[INSTRUCTIONS TO FOLLOW]
When the line with "by rewrite -centroid0_brl" appears below, start repeating lines exactly, and keep going through the line with "Let theta_lin : linmap"; add nothing outside that span.

——————

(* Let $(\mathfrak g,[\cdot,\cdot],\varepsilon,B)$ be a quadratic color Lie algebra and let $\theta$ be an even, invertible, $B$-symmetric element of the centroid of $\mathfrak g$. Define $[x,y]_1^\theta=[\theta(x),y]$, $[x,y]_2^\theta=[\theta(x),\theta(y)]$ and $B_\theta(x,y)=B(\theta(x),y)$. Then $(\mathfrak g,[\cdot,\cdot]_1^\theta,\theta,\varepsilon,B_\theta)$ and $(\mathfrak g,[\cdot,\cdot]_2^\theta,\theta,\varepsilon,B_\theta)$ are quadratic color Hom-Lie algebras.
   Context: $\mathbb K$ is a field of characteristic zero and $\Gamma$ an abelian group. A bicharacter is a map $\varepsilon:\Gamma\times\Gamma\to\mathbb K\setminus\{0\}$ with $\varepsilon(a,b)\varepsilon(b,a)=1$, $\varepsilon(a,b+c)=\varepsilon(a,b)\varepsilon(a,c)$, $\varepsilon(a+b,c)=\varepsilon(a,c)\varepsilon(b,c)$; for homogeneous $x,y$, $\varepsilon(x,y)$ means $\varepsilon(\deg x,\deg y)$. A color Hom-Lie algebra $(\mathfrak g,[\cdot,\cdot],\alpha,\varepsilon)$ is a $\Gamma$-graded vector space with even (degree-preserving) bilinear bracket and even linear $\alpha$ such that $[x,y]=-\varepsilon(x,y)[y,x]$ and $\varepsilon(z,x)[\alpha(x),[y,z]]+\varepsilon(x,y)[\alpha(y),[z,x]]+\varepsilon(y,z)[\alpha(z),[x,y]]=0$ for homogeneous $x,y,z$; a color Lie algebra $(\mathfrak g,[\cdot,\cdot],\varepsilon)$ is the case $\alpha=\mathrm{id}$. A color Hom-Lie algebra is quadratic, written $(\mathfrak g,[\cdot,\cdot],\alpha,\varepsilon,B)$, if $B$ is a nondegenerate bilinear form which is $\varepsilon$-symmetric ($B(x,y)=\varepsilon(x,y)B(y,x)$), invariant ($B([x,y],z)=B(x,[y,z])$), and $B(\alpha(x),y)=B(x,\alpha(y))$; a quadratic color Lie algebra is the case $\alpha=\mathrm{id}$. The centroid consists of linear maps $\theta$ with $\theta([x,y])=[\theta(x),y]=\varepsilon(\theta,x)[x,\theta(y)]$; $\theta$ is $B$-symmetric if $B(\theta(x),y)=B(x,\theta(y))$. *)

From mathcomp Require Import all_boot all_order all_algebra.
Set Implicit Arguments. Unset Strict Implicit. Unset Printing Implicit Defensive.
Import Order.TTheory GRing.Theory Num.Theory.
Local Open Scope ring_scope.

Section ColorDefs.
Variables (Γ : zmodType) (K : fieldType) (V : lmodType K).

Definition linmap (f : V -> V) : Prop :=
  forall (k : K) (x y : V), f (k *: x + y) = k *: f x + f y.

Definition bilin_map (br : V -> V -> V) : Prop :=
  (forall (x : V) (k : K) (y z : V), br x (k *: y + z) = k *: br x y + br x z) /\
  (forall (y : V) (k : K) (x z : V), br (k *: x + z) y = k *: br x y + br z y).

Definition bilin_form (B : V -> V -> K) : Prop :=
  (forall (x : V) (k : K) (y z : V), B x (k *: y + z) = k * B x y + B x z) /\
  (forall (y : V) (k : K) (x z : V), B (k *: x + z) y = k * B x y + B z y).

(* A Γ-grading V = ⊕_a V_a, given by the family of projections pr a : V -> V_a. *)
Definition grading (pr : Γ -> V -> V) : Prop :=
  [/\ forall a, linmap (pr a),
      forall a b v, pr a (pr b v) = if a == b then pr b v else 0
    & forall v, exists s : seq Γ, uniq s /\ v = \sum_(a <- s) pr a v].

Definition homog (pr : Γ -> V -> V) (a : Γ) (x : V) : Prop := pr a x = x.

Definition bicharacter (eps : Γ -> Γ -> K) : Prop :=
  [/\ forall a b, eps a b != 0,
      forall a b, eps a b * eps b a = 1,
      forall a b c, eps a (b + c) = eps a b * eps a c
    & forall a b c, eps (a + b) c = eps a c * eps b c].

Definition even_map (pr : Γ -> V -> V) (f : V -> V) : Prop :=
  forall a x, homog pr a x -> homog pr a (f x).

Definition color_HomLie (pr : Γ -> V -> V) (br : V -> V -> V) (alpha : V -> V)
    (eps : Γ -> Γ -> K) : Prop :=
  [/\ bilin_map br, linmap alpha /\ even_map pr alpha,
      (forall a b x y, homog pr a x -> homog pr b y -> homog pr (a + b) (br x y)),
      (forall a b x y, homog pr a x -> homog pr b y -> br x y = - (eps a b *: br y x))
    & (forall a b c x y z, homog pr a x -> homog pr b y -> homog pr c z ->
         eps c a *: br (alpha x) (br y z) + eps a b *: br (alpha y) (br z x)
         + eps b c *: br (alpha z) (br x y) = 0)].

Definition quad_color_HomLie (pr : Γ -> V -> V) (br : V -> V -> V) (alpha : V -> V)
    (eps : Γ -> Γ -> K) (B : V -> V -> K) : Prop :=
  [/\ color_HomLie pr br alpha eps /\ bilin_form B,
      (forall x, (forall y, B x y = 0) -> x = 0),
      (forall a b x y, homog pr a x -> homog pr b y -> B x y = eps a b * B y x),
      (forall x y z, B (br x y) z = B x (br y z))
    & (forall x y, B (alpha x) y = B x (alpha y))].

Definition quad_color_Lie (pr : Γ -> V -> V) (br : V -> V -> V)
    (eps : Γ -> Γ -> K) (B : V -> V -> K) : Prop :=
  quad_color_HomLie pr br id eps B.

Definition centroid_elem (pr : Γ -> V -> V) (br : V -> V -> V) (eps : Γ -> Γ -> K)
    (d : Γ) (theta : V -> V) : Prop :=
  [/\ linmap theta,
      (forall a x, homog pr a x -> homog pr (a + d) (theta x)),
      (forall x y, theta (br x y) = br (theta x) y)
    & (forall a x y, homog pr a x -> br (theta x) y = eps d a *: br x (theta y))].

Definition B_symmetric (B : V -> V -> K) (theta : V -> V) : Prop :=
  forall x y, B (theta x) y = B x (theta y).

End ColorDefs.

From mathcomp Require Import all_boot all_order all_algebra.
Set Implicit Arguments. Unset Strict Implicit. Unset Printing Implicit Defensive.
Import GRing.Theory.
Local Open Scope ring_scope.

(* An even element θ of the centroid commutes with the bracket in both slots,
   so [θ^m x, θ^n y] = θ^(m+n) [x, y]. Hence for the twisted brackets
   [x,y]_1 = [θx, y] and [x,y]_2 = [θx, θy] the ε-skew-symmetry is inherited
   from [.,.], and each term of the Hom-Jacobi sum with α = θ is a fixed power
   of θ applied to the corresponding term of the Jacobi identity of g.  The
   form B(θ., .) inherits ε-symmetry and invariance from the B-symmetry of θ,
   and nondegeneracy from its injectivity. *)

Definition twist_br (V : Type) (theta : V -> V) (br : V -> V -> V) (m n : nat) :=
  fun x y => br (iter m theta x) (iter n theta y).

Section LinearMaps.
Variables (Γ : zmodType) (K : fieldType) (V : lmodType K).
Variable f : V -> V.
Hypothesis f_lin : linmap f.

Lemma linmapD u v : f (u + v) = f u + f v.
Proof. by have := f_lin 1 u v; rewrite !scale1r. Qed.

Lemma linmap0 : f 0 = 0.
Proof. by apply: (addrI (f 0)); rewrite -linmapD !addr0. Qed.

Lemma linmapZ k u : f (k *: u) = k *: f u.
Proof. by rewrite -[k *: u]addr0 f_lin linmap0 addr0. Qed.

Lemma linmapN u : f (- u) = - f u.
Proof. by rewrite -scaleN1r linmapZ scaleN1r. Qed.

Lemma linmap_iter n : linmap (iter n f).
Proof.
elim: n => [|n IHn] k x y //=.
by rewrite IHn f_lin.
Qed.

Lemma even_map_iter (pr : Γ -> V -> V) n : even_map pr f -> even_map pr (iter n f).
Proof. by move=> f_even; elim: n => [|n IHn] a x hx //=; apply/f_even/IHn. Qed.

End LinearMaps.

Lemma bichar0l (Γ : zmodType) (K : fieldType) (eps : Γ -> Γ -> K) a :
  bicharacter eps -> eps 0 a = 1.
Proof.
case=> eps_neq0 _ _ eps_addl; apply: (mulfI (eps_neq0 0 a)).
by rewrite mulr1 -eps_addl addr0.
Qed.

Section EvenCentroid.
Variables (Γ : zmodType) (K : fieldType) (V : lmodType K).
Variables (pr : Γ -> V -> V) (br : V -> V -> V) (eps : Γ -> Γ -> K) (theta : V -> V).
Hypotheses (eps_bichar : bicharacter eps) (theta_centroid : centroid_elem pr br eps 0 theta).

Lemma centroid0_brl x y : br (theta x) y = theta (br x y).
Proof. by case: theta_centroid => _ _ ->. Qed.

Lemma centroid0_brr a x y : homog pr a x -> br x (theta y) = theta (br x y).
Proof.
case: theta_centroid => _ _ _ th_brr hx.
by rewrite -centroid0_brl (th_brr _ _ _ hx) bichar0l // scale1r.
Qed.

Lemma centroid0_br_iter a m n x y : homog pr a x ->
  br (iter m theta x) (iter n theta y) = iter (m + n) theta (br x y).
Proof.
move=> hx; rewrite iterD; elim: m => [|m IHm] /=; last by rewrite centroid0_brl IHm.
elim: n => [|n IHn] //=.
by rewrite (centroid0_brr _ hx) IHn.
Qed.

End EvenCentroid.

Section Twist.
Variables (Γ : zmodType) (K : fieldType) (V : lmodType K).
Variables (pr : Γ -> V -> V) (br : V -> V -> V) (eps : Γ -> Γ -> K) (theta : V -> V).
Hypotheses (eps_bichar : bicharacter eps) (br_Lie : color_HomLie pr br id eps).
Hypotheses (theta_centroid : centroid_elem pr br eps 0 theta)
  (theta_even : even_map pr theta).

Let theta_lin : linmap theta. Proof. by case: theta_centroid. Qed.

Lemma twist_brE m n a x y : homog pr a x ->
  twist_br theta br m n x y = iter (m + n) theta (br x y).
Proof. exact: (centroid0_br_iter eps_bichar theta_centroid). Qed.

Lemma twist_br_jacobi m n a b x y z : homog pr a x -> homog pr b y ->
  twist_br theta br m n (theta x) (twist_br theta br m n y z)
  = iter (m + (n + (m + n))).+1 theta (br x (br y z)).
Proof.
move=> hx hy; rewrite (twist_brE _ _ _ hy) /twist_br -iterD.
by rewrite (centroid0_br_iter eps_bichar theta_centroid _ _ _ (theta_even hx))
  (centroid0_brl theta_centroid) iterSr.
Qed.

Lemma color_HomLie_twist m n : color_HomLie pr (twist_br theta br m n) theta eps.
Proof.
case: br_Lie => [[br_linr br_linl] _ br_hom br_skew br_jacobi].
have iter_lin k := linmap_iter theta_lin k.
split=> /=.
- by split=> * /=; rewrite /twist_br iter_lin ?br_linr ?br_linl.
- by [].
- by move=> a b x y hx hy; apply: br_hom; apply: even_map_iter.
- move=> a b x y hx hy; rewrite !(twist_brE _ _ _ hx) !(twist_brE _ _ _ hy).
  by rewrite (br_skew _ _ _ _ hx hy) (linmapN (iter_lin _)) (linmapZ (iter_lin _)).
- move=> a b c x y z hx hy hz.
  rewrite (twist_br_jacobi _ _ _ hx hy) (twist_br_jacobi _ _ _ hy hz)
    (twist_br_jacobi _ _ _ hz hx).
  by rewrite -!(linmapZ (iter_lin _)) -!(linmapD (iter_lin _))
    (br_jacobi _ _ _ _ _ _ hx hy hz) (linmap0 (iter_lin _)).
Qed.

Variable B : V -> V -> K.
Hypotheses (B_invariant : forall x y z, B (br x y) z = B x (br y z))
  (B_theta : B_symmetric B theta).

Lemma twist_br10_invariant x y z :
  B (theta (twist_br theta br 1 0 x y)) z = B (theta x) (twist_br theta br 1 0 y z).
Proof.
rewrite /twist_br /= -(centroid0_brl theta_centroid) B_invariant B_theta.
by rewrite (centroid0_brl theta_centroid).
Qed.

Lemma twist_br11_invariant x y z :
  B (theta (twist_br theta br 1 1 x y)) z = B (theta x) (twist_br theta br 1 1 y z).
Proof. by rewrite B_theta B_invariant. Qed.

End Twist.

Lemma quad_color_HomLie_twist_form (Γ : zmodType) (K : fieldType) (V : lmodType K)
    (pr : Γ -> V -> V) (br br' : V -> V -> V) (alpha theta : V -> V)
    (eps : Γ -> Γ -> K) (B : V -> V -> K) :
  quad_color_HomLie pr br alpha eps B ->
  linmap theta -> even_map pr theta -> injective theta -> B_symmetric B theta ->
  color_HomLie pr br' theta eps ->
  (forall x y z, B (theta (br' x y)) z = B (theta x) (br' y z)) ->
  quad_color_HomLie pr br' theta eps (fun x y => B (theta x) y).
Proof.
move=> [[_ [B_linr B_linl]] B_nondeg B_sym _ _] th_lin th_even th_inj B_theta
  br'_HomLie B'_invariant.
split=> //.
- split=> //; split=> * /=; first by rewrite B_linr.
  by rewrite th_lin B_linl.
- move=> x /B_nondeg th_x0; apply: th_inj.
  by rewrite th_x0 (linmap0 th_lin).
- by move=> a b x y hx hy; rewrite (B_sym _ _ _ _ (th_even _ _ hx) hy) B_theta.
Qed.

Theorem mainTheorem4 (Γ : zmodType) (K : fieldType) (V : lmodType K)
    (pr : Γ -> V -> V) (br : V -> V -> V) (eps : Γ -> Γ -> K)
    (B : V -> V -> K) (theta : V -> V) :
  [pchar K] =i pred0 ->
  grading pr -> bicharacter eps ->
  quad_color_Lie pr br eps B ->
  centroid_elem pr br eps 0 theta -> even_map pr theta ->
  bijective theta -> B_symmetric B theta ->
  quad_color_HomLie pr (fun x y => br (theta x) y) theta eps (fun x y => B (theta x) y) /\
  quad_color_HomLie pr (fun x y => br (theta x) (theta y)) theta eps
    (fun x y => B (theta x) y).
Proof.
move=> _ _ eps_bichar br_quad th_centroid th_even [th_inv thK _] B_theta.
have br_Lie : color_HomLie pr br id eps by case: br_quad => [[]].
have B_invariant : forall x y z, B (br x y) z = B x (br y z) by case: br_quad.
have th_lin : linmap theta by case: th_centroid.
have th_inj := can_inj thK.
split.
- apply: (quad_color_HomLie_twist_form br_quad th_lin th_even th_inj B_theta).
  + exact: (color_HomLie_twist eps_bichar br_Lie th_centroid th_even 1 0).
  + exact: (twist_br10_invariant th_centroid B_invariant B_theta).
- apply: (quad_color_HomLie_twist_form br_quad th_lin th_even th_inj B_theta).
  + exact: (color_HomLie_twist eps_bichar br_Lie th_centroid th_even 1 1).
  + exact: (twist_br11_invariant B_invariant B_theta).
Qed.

——————

[REPLY]
by rewrite -centroid0_brl (th_brr _ _ _ hx) bichar0l // scale1r.
Qed.

Lemma centroid0_br_iter a m n x y : homog pr a x ->
  br (iter m theta x) (iter n theta y) = iter (m + n) theta (br x y).
Proof.
move=> hx; rewrite iterD; elim: m => [|m IHm] /=; last by rewrite centroid0_brl IHm.
elim: n => [|n IHn] //=.
by rewrite (centroid0_brr _ hx) IHn.
Qed.

End EvenCentroid.

Section Twist.
Variables (Γ : zmodType) (K : fieldType) (V : lmodType K).
Variables (pr : Γ -> V -> V) (br : V -> V -> V) (eps : Γ -> Γ -> K) (theta : V -> V).
Hypotheses (eps_bichar : bicharacter eps) (br_Lie : color_HomLie pr br id eps).
Hypotheses (theta_centroid : centroid_elem pr br eps 0 theta)
  (theta_even : even_map pr theta).

Let theta_lin : linmap theta. Proof. by case: theta_centroid. Qed.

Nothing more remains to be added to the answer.